In the Admin Console, from the Security menu, select API, and then select the custom authorization server that you want to configure.
Go to the Claims tab and click Add Claim.
Enter a name for the claim. For this example, name it Groups.
In the Include in token type section, leave Access Token selected. Add the groups claim to an access token in this example.

Note: You can configure the groups claim to always be included in the ID token.

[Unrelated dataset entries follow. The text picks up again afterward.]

(* Let $\Phi$ be a potential-inner automorphism of $\mathcal C$, witnessed by bijections $s_A:A\to\Phi(A)$ with $\Phi(\mu)=s_B\circ\mu\circ s_A^{-1}$ for all morphisms $\mu:A\to B$ of $\mathcal C$. For each object $A$, let $A^*$ denote the algebra on the underlying set of $\Phi(A)$ obtained by transporting the structure of $A$ along $s_A$, so that $s_A:A\to A^*$ is an isomorphism. Then $\Phi$ is inner if and only if there exists a central function $A\mapsto c_A$ on $\mathcal C$ such that, for every object $A$, the map $c_{\Phi(A)}$ is an isomorphism of the algebra $\Phi(A)$ onto the algebra $A^*$.
   Context: Let $\mathcal V$ be a variety of universal algebras, and let $\mathcal C$ be a full subcategory of the category $\Theta(\mathcal V)$ of all $\mathcal V$-algebras and homomorphisms, containing a free $\mathcal V$-algebra on one generator. An automorphism $\Phi$ of $\mathcal C$ is potential-inner if there are bijections of underlying sets $s_A:A\to\Phi(A)$ with $\Phi(\mu)=s_B\circ\mu\circ s_A^{-1}$ for every morphism $\mu:A\to B$. It is inner if such $s_A$ can be chosen to be algebra isomorphisms. A central function on $\mathcal C$ assigns to every object $A$ a permutation $c_A$ of its underlying set such that $c_B\circ\nu\circ c_A^{-1}=\nu$ for every morphism $\nu:A\to B$ of $\mathcal C$. *)

From mathcomp Require Import all_boot.
Unset Implicit Arguments.
Unset Strict Implicit.
Unset Printing Implicit Defensive.

Record signature := Signature { sym : Type; arity : sym -> nat }.
Arguments arity s _ : clear implicits.

Section UA.
Variable S : signature.

Record algebra := Algebra {
  carrier :> Type;
  interp : forall o : sym S, ('I_(arity S o) -> carrier) -> carrier }.

Definition is_hom (A B : algebra) (f : A -> B) : Prop :=
  forall (o : sym S) (args : 'I_(arity S o) -> A),
    f (interp A o args) = interp B o (fun i => f (args i)).

Definition is_iso (A B : algebra) (f : A -> B) : Prop :=
  bijective f /\ is_hom A B f.

Inductive term : Type :=
  | Var of nat
  | App (o : sym S) of ('I_(arity S o) -> term).

Fixpoint eval (A : algebra) (v : nat -> A) (t : term) : A :=
  match t with
  | Var n => v n
  | App o args => interp A o (fun i => eval A v (args i))
  end.

(* A variety is given by a set of identities (pairs of terms). *)
Definition variety := (term * term)%type -> Prop.

Definition in_variety (V : variety) (A : algebra) : Prop :=
  forall e, V e -> forall v : nat -> A, eval A v e.1 = eval A v e.2.

Definition free_on_one (V : variety) (F : algebra) (x : F) : Prop :=
  in_variety V F /\
  forall B : algebra, in_variety V B -> forall b : B,
    (exists h : F -> B, is_hom F B h /\ h x = b) /\
    (forall h1 h2 : F -> B, is_hom F B h1 -> is_hom F B h2 ->
        h1 x = b -> h2 x = b -> h1 =1 h2).

Definition transport (A : algebra) (B : Type) (s : A -> B) (sinv : B -> A)
  : algebra :=
  @Algebra B (fun o args => s (interp A o (fun i => sinv (args i)))).

(* A full subcategory is given by its class of objects (a predicate on
   algebras); its morphisms are all homomorphisms. *)
Section FullSub.
Variable C : algebra -> Prop.

Definition Obj := {A : algebra | C A}.
Definition oalg (X : Obj) : algebra := proj1_sig X.

Definition hom (X Y : Obj) := {f : oalg X -> oalg Y | is_hom (oalg X) (oalg Y) f}.

Lemma id_is_hom (X : Obj) : is_hom (oalg X) (oalg X) (fun x => x).
Proof. by []. Qed.

Definition id_hom (X : Obj) : hom X X := exist _ (fun x => x) (id_is_hom X).

Lemma comp_is_hom {X Y Z : Obj} (g : hom Y Z) (f : hom X Y) :
  is_hom (oalg X) (oalg Z) (fun x => proj1_sig g (proj1_sig f x)).
Proof.
move=> o args /=; rewrite (proj2_sig f) (proj2_sig g) //.
Qed.

Definition comp_hom {X Y Z : Obj} (g : hom Y Z) (f : hom X Y) : hom X Z :=
  exist _ _ (comp_is_hom g f).

Record functor := Functor {
  Fo : Obj -> Obj;
  Fm : forall {X Y : Obj}, hom X Y -> hom (Fo X) (Fo Y);
  Fm_id : forall X, proj1_sig (Fm (id_hom X)) =1 proj1_sig (id_hom (Fo X));
  Fm_comp : forall X Y Z (g : hom Y Z) (f : hom X Y),
      proj1_sig (Fm (comp_hom g f)) =1 proj1_sig (comp_hom (Fm g) (Fm f)) }.

(* An automorphism (isomorphism of categories C -> C): a functor that is
   bijective on objects and on every hom-set. *)
Definition automorphism (Phi : functor) : Prop :=
  bijective (Fo Phi) /\ forall X Y : Obj, bijective (@Fm Phi X Y).

(* Witness of potential-innerness: bijections s_X : X -> Phi(X) (with inverse
   sinv_X) such that Phi(mu) = s_Y o mu o s_X^{-1}. *)
Record pi_witness (Phi : functor) := PiWitness {
  s : forall X : Obj, oalg X -> oalg (Fo Phi X);
  sinv : forall X : Obj, oalg (Fo Phi X) -> oalg X;
  sK : forall X, cancel (s X) (sinv X);
  sinvK : forall X, cancel (sinv X) (s X);
  s_nat : forall (X Y : Obj) (mu : hom X Y),
      proj1_sig (Fm Phi mu) =1 (fun y => s Y (proj1_sig mu (sinv X y))) }.

Arguments s {Phi} p X x.
Arguments sinv {Phi} p X y.

Definition potential_inner (Phi : functor) : Prop := inhabited (pi_witness Phi).

Definition inner (Phi : functor) : Prop :=
  exists w : pi_witness Phi,
    forall X : Obj, is_iso (oalg X) (oalg (Fo Phi X)) (s w X).

Definition Astar (Phi : functor) (w : pi_witness Phi) (X : Obj) : algebra :=
  @transport (oalg X) (oalg (Fo Phi X)) (s w X) (sinv w X).

Record central_function := CentralFunction {
  c : forall X : Obj, oalg X -> oalg X;
  cinv : forall X : Obj, oalg X -> oalg X;
  cK : forall X, cancel (c X) (cinv X);
  cinvK : forall X, cancel (cinv X) (c X);
  c_central : forall (X Y : Obj) (nu : hom X Y),
      (fun x => c Y (proj1_sig nu (cinv X x))) =1 proj1_sig nu }.

End FullSub.
End UA.
Arguments Fo {S C} _ _.
Arguments Fm {S C} _ {X Y} _.
Arguments s {S C Phi} _ _ _.
Arguments sinv {S C Phi} _ _ _.
Arguments c {S C} _ _ _.
Arguments cinv {S C} _ _ _.
Arguments oalg {S C} X.
Arguments in_variety {S} V A.
Arguments free_on_one {S} V F x.
Arguments is_iso {S} A B f.
Arguments is_hom {S} A B f.
Arguments inner {S C} Phi.
Arguments potential_inner {S C} Phi.
Arguments automorphism {S C} Phi.
Arguments Astar {S C Phi} w X.
Arguments interp {S} a o _.

From mathcomp Require Import all_boot.
From Stdlib Require Import ProofIrrelevance FunctionalExtensionality.

Set Implicit Arguments.

(* Two witnesses [w], [w'] of potential innerness differ by the maps
   [s_w X \o (s_w' X)^-1] on the objects [Phi X]; naturality of both witnesses
   and surjectivity of [Phi] on morphisms make this family central, and
   bijectivity of [Phi] on objects extends it to all objects.  If [s_w'] is an
   isomorphism, this central family maps [Phi X] isomorphically onto [X^*].
   Conversely, composing [s_w] with the inverses of a central function gives
   a new witness, natural by centrality, whose components are isomorphisms
   when the central function maps [Phi X] isomorphically onto [X^*]. *)

Section Isomorphisms.
Variable S : signature.
Implicit Types A B D : algebra S.

Lemma is_hom_comp A B D (f : A -> B) (g : B -> D) :
  is_hom A B f -> is_hom B D g -> is_hom A D (g \o f).
Proof. by move=> f_hom g_hom o args /=; rewrite f_hom g_hom. Qed.

Lemma is_hom_can A B (f : A -> B) (f' : B -> A) :
  cancel f f' -> cancel f' f -> is_hom A B f -> is_hom B A f'.
Proof.
move=> fK f'K f_hom o args; apply: (can_inj fK); rewrite f'K f_hom.
by congr (interp B o _); apply: functional_extensionality => i; rewrite f'K.
Qed.

Lemma is_iso_comp A B D (f : A -> B) (g : B -> D) :
  is_iso A B f -> is_iso B D g -> is_iso A D (g \o f).
Proof.
case=> f_bij f_hom [g_bij g_hom].
by split; [apply: bij_comp | apply: is_hom_comp].
Qed.

Lemma is_iso_can A B (f : A -> B) (f' : B -> A) :
  is_iso A B f -> cancel f f' -> cancel f' f -> is_iso B A f'.
Proof.
by move=> [_ f_hom] fK f'K; split; [exists f | apply: is_hom_can f_hom].
Qed.

Lemma transport_iso A (B : Type) (t : A -> B) (t' : B -> A) :
  cancel t t' -> cancel t' t -> is_iso A (transport S A B t t') t.
Proof.
move=> tK t'K; split; first by exists t'.
move=> o args /=; congr (t (interp A o _)).
by apply: functional_extensionality => i; rewrite tK.
Qed.

End Isomorphisms.

Section CentralFunctions.
Variables (S : signature) (C : algebra S -> Prop).

Lemma c_hom (cf : central_function S C) (X Y : Obj S C) (nu : hom S C X Y) x :
  c cf Y (proj1_sig nu x) = proj1_sig nu (c cf X x).
Proof. by rewrite -(c_central _ _ cf X Y nu (c cf X x)) /= cK. Qed.

(* [ecast] transports a family given on the objects [f X] to all objects
   [Y = f (g Y)]; by proof irrelevance, on [f X] it gives back the family. *)
Lemma central_function_on_image (f g : Obj S C -> Obj S C)
    (d dinv : forall X, oalg (f X) -> oalg (f X)) :
  cancel f g -> cancel g f ->
  (forall X, cancel (d X) (dinv X)) -> (forall X, cancel (dinv X) (d X)) ->
  (forall X1 X2 (nu : hom S C (f X1) (f X2)),
      (fun y => d X2 (proj1_sig nu (dinv X1 y))) =1 proj1_sig nu) ->
  exists cf : central_function S C, forall X, c cf (f X) = d X.
Proof.
move=> fK gK dK dinvK d_central.
pose cast (h : forall X, oalg (f X) -> oalg (f X)) X Y (e : f X = Y) :=
  ecast Z (oalg Z -> oalg Z) e (h X).
have castK X Y (e : f X = Y) : cancel (cast d X Y e) (cast dinv X Y e).
  by case: Y / e; apply: dK.
have castVK X Y (e : f X = Y) : cancel (cast dinv X Y e) (cast d X Y e).
  by case: Y / e; apply: dinvK.
have cast_central X1 X2 Y1 Y2 (e1 : f X1 = Y1) (e2 : f X2 = Y2)
    (nu : hom S C Y1 Y2) :
    (fun y => cast d X2 Y2 e2 (proj1_sig nu (cast dinv X1 Y1 e1 y)))
      =1 proj1_sig nu.
  by case: Y1 / e1 nu; case: Y2 / e2 => nu; apply: d_central.
exists (CentralFunction S C
  (fun Y => cast d _ Y (gK Y)) (fun Y => cast dinv _ Y (gK Y))
  (fun Y => castK _ _ (gK Y)) (fun Y => castVK _ _ (gK Y))
  (fun Y1 Y2 => cast_central _ _ _ _ (gK Y1) (gK Y2))) => X /=.
move: (gK (f X)); case: (g (f X)) / (esym (fK X)) => e.
by rewrite (proof_irrelevance _ e erefl).
Qed.

End CentralFunctions.

Section Witnesses.
Variables (S : signature) (C : algebra S -> Prop) (Phi : functor S C).
Implicit Types (w : pi_witness S C Phi) (X : Obj S C).

Lemma Astar_iso w X : is_iso (oalg X) (Astar w X) (s w X).
Proof. exact: transport_iso (sK _ _ _ w X) (sinvK _ _ _ w X). Qed.

Definition transition w w' X : oalg (Fo Phi X) -> oalg (Fo Phi X) :=
  s w X \o sinv w' X.

Lemma transitionK w w' X : cancel (transition w w' X) (transition w' w X).
Proof. by move=> y; rewrite /transition /= sK sinvK. Qed.

Lemma transition_central w w' :
  (forall X Y, bijective (@Fm _ _ Phi X Y)) ->
  forall X1 X2 (nu : hom S C (Fo Phi X1) (Fo Phi X2)),
    (fun y => transition w w' X2 (proj1_sig nu (transition w' w X1 y)))
      =1 proj1_sig nu.
Proof.
move=> Fm_bij X1 X2 nu y; have [mu _ muK] := Fm_bij X1 X2.
by rewrite -(muK nu) /transition /= (s_nat _ _ _ w') !sK (s_nat _ _ _ w).
Qed.

Definition central_twist_s w (cf : central_function S C) X :
  oalg X -> oalg (Fo Phi X) := cinv cf (Fo Phi X) \o s w X.

Definition central_twist_sinv w (cf : central_function S C) X :
  oalg (Fo Phi X) -> oalg X := sinv w X \o c cf (Fo Phi X).

Lemma central_twist_sK w cf X :
  cancel (central_twist_s w cf X) (central_twist_sinv w cf X).
Proof. by move=> x; rewrite /central_twist_s /central_twist_sinv /= cinvK sK.
Qed.

Lemma central_twist_sinvK w cf X :
  cancel (central_twist_sinv w cf X) (central_twist_s w cf X).
Proof. by move=> y; rewrite /central_twist_s /central_twist_sinv /= sinvK cK.
Qed.

Lemma central_twist_nat w cf X Y (mu : hom S C X Y) :
  proj1_sig (Fm Phi mu)
    =1 (fun y => central_twist_s w cf Y
                   (proj1_sig mu (central_twist_sinv w cf X y))).
Proof.
move=> y; rewrite /central_twist_s /central_twist_sinv /=.
by rewrite -(s_nat _ _ _ w) -c_hom cK.
Qed.

Definition central_twist w cf : pi_witness S C Phi :=
  PiWitness S C Phi (central_twist_s w cf) (central_twist_sinv w cf)
    (central_twist_sK w cf) (central_twist_sinvK w cf)
    (central_twist_nat w cf).

End Witnesses.

Theorem mainTheorem3 (S : signature) (V : variety S) (C : algebra S -> Prop)
  (HC : forall A, C A -> in_variety V A)
  (Hfree : exists (F : algebra S) (x : F), C F /\ free_on_one V F x)
  (Phi : functor S C) (Haut : automorphism Phi) (w : pi_witness S C Phi) :
  inner Phi <->
  exists cf : central_function S C,
    forall X : Obj S C,
      is_iso (oalg (Fo Phi X)) (Astar w X) (c cf (Fo Phi X)).
Proof.
case: Haut => [[g PhiK gK] Fm_bij]; split.
- case=> w' w'_iso.
  have [cf cfE] :=
    central_function_on_image (transition w w') (transition w' w) PhiK gK
      (transitionK w w') (transitionK w' w) (transition_central w w' Fm_bij).
  exists cf => X; rewrite cfE /transition.
  exact: is_iso_comp (is_iso_can (w'_iso X) (sK _ _ _ w' X) (sinvK _ _ _ w' X))
                     (Astar_iso w X).
- case=> cf cf_iso; exists (central_twist w cf) => X /=.
  rewrite /central_twist_s.
  exact: is_iso_comp (Astar_iso w X)
                     (is_iso_can (cf_iso X) (cK _ _ cf _) (cinvK _ _ cf _)).
Qed.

To do that, follow these steps and select ID Token for the Include in token type value and select Always.
Select Groups as the Value type.
In the Filter dropdown box, select Matches regex and then enter the following expression as the Value: .*

Note: For more fine-grained filtering information, see the steps for adding a groups claim with a dynamic allowlist.
Click Create.

Request an access token that contains the groups claim

To test the full authentication flow that returns an access token, build your request URL. Make sure that you include the openid scope in the request. For the specific steps on building the request URL, receiving the response, and decoding the JWT, see Request a token that contains the custom claim.